3052 Martin Skold	2009-12-15 [merge]
      Merge
      modified:
        libmysql/libmysql.c
        sql/log.cc
        sql/log_event.cc
[19 Dec 2009 8:26] Bugs System
Pushed into 6.0.14-alpha (revid:alik@sun.com-20091219082307-f3i4fn0tm8trb3c0) (version source revid:alik@sun.com-20091216180721-eoa754i79j4ssd3m) (merge vers: 6.0.14-alpha) (pib:15)
[19 Dec 2009 8:30] Bugs System
Pushed into 5.5.1-m2 (revid:alik@sun.com-20091219082021-f34nq4jytwamozz0) (version source revid:alexey.kopytov@sun.com-20091216134707-o96eqw0u2ynvo9gm) (merge vers: 5.5.0-beta) (pib:15)
[19 Dec 2009 8:33] Bugs System
Pushed into mysql-next-mr (revid:alik@sun.com-20091219082213-nhjjgmphote4ntxj) (version source revid:alik@sun.com-20091216180221-a5ps59gajad3pip9) (pib:15)

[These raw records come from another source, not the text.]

Lemma blk_of_eq (i : 'I_N'.+1) j : in_blk i j -> blk_of j = i.
Proof.
move=> ij; apply/val_inj/esym/(in_blk_uniq ij)/blk_ofP.
rewrite -blk_start_last; move/andP: ij => [_ /leq_trans]; apply.
exact: blk_start_homo.
Qed.

Lemma prod_blk_of (R : comRingType) (f : 'I_N'.+1 -> R) :
  \prod_(j < dimn nn) f (blk_of j) = \prod_(i < N'.+1) f i ^+ nn i.
Proof.
suff blk_prod m : (m <= N'.+1)%N ->
    \prod_(0 <= j < blk_start m) f (blk_of j) = \prod_(i < N'.+1 | (i < m)%N) f i ^+ nn i.
  rewrite -(big_mkord xpredT (fun j => f (blk_of j))) -blk_start_last blk_prod //.
  by apply: eq_bigl => i; rewrite ltn_ord.
elim: m => [|m IH] le_m; first by rewrite blk_start0 big_geq // big_pred0.
rewrite (blk_startS le_m) (big_cat_nat _ (leq_addr _ _)) //= IH 1?ltnW //.
rewrite (eq_big_nat _ _ (F2 := fun => f (Ordinal le_m))); last first.
  by move=> j hj; rewrite (@blk_of_eq (Ordinal le_m) j) // /in_blk (blk_startS le_m).
rewrite prodr_const_nat addKn [RHS](bigD1 (Ordinal le_m)) //= mulrC; congr (_ * _).
apply: eq_bigl => k; rewrite ltnS -(inj_eq val_inj) /= [(k < m)%N]ltn_neqAle.
by rewrite andbC.
Qed.

End Blocks.

Lemma pc_box_ind (R : realType) N' (nn : 'I_N'.+1 -> nat) (eps : 'I_N'.+1 -> R) x u :
  pc eps (u - x) = (2 ^+ dimn nn * \prod_(i < N'.+1) eps i ^+ nn i)^-1 *
                   box_ind (fun j : 'I_(dimn nn) => eps (blk_of nn j)) x u.
Proof.
rewrite /pc; case: ifP => [inbox|/negbT].
  suff -> : box_ind (fun j => eps (blk_of nn j)) x u = 1 by rewrite mulr1.
  apply: big1 => j _; rewrite /itv_ind.
  move/forallP: inbox => /(_ (blk_of nn j)) /forallP /(_ j) /implyP; rewrite !mxE => -> //.
  exact: blk_ofP.
rewrite negb_forall => /existsP[i]; rewrite negb_forall => /existsP[j].
rewrite negb_imply !mxE => /andP[ij out].
by rewrite /box_ind (bigD1 j) //= /itv_ind (blk_of_eq ij) (negbTE out) mul0r mulr0.
Qed.

Lemma min_eps_le (R : realType) N' (eps : 'I_N'.+1 -> R) i : min_eps eps <= eps i.
Proof. by rewrite /min_eps (bigD1 i) //= ge_min lexx. Qed.

Lemma min_eps_gt0 (R : realType) N' (eps : 'I_N'.+1 -> R) :
  (forall i, 0 < eps i) -> 0 < min_eps eps.
Proof.
by move=> eps_gt0; rewrite /min_eps; elim/big_ind: _ => // a b ? ?; rewrite lt_min; apply/andP.
Qed.

Lemma sum_norm_le_sqrt_sum_sqr (R : rcfType) n (f : 'I_n -> R) :
  \sum_(j < n) `|f j| <= Num.sqrt n%:R * Num.sqrt (\sum_(j < n) f j ^+ 2).
Proof.
set s := \sum_(j < n) `|f j|; set q := \sum_(j < n) f j ^+ 2.
have s0 : 0 <= s by apply: sumr_ge0.
have sq_le : s ^+ 2 <= n%:R * q.
  have -> : s ^+ 2 = \sum_(j < n) \sum_(k < n) `|f j| * `|f k|.
    by rewrite expr2 mulr_suml; apply: eq_bigr => j _; rewrite mulr_sumr.
  have -> : n%:R * q = \sum_(j < n) \sum_(k < n) (f j ^+ 2 + f k ^+ 2) / 2.
    rewrite (eq_bigr (fun j => (n%:R * f j ^+ 2 + q) / 2)); last first.
      by move=> j _; rewrite -mulr_suml big_split /= sumr_const card_ord mulr_natl.
    rewrite -mulr_suml big_split /= -mulr_sumr sumr_const card_ord mulr_natl.
    by field.
  apply: ler_sum => j _; apply: ler_sum => k _.
  rewrite -[f j ^+ 2]real_normK ?num_real // -[f k ^+ 2]real_normK ?num_real //.
  have := sqr_ge0 (`|f j| - `|f k|); lra.
rewrite -sqrtrM // -(ger0_norm s0) -sqrtr_sqr ler_sqrt //.
by rewrite mulr_ge0 // sumr_ge0 // => j _; apply: sqr_ge0.
Qed.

[19 Dec 2009 11:46] Jon Stephens
Also noted in the 5.5.1 and 6.0.14 changelogs.

Still waiting for merge to 5.1 tree -> NDI.
[15 Jan 2010 8:58] Bugs System
Pushed into 5.1.43 (revid:joro@sun.com-20100115085139-qkh0i0fpohd9u9p5) (version source revid:zhenxing.he@sun.com-20091215064828-es8ucbh59n91n79a) (merge vers: 5.1.42) (pib:16)
[18 Jan 2010 12:16] Jon Stephens
Also documented in the 5.1.43 changelog. Closed.
[12 Mar 2010 14:05] Bugs System
Pushed into 5.1.44-ndb-7.0.14 (revid:jonas@mysql.com-20100312135944-t0z8s1da2orvl66x) (version source revid:jonas@mysql.com-20100312115609-woou0te4a6s4ae9y) (merge vers: 5.1.44-ndb-7.0.14) (pib:16)
[12 Mar 2010 14:21] Bugs System
Pushed into 5.1.44-ndb-6.2.19 (revid:jonas@mysql.com-20100312134846-tuqhd9w3tv4xgl3d) (version source revid:jonas@mysql.com-20100312060623-mx6407w2vx76h3by) (merge vers: 5.1.44-ndb-6.2.19) (pib:16)
[12 Mar 2010 14:35] Bugs System
Pushed into 5.1.44-ndb-6.3.33 (revid:jonas@mysql.com-20100312135724-xcw8vw2lu3mijrhn) (version source revid:jonas@mysql.com-20100312103652-snkltsd197l7q2yg) (merge vers: 5.1.44-ndb-6.3.33) (pib:16)
[15 Mar 2010 10:52] Jon Stephens
No new changelog entries required. Closed.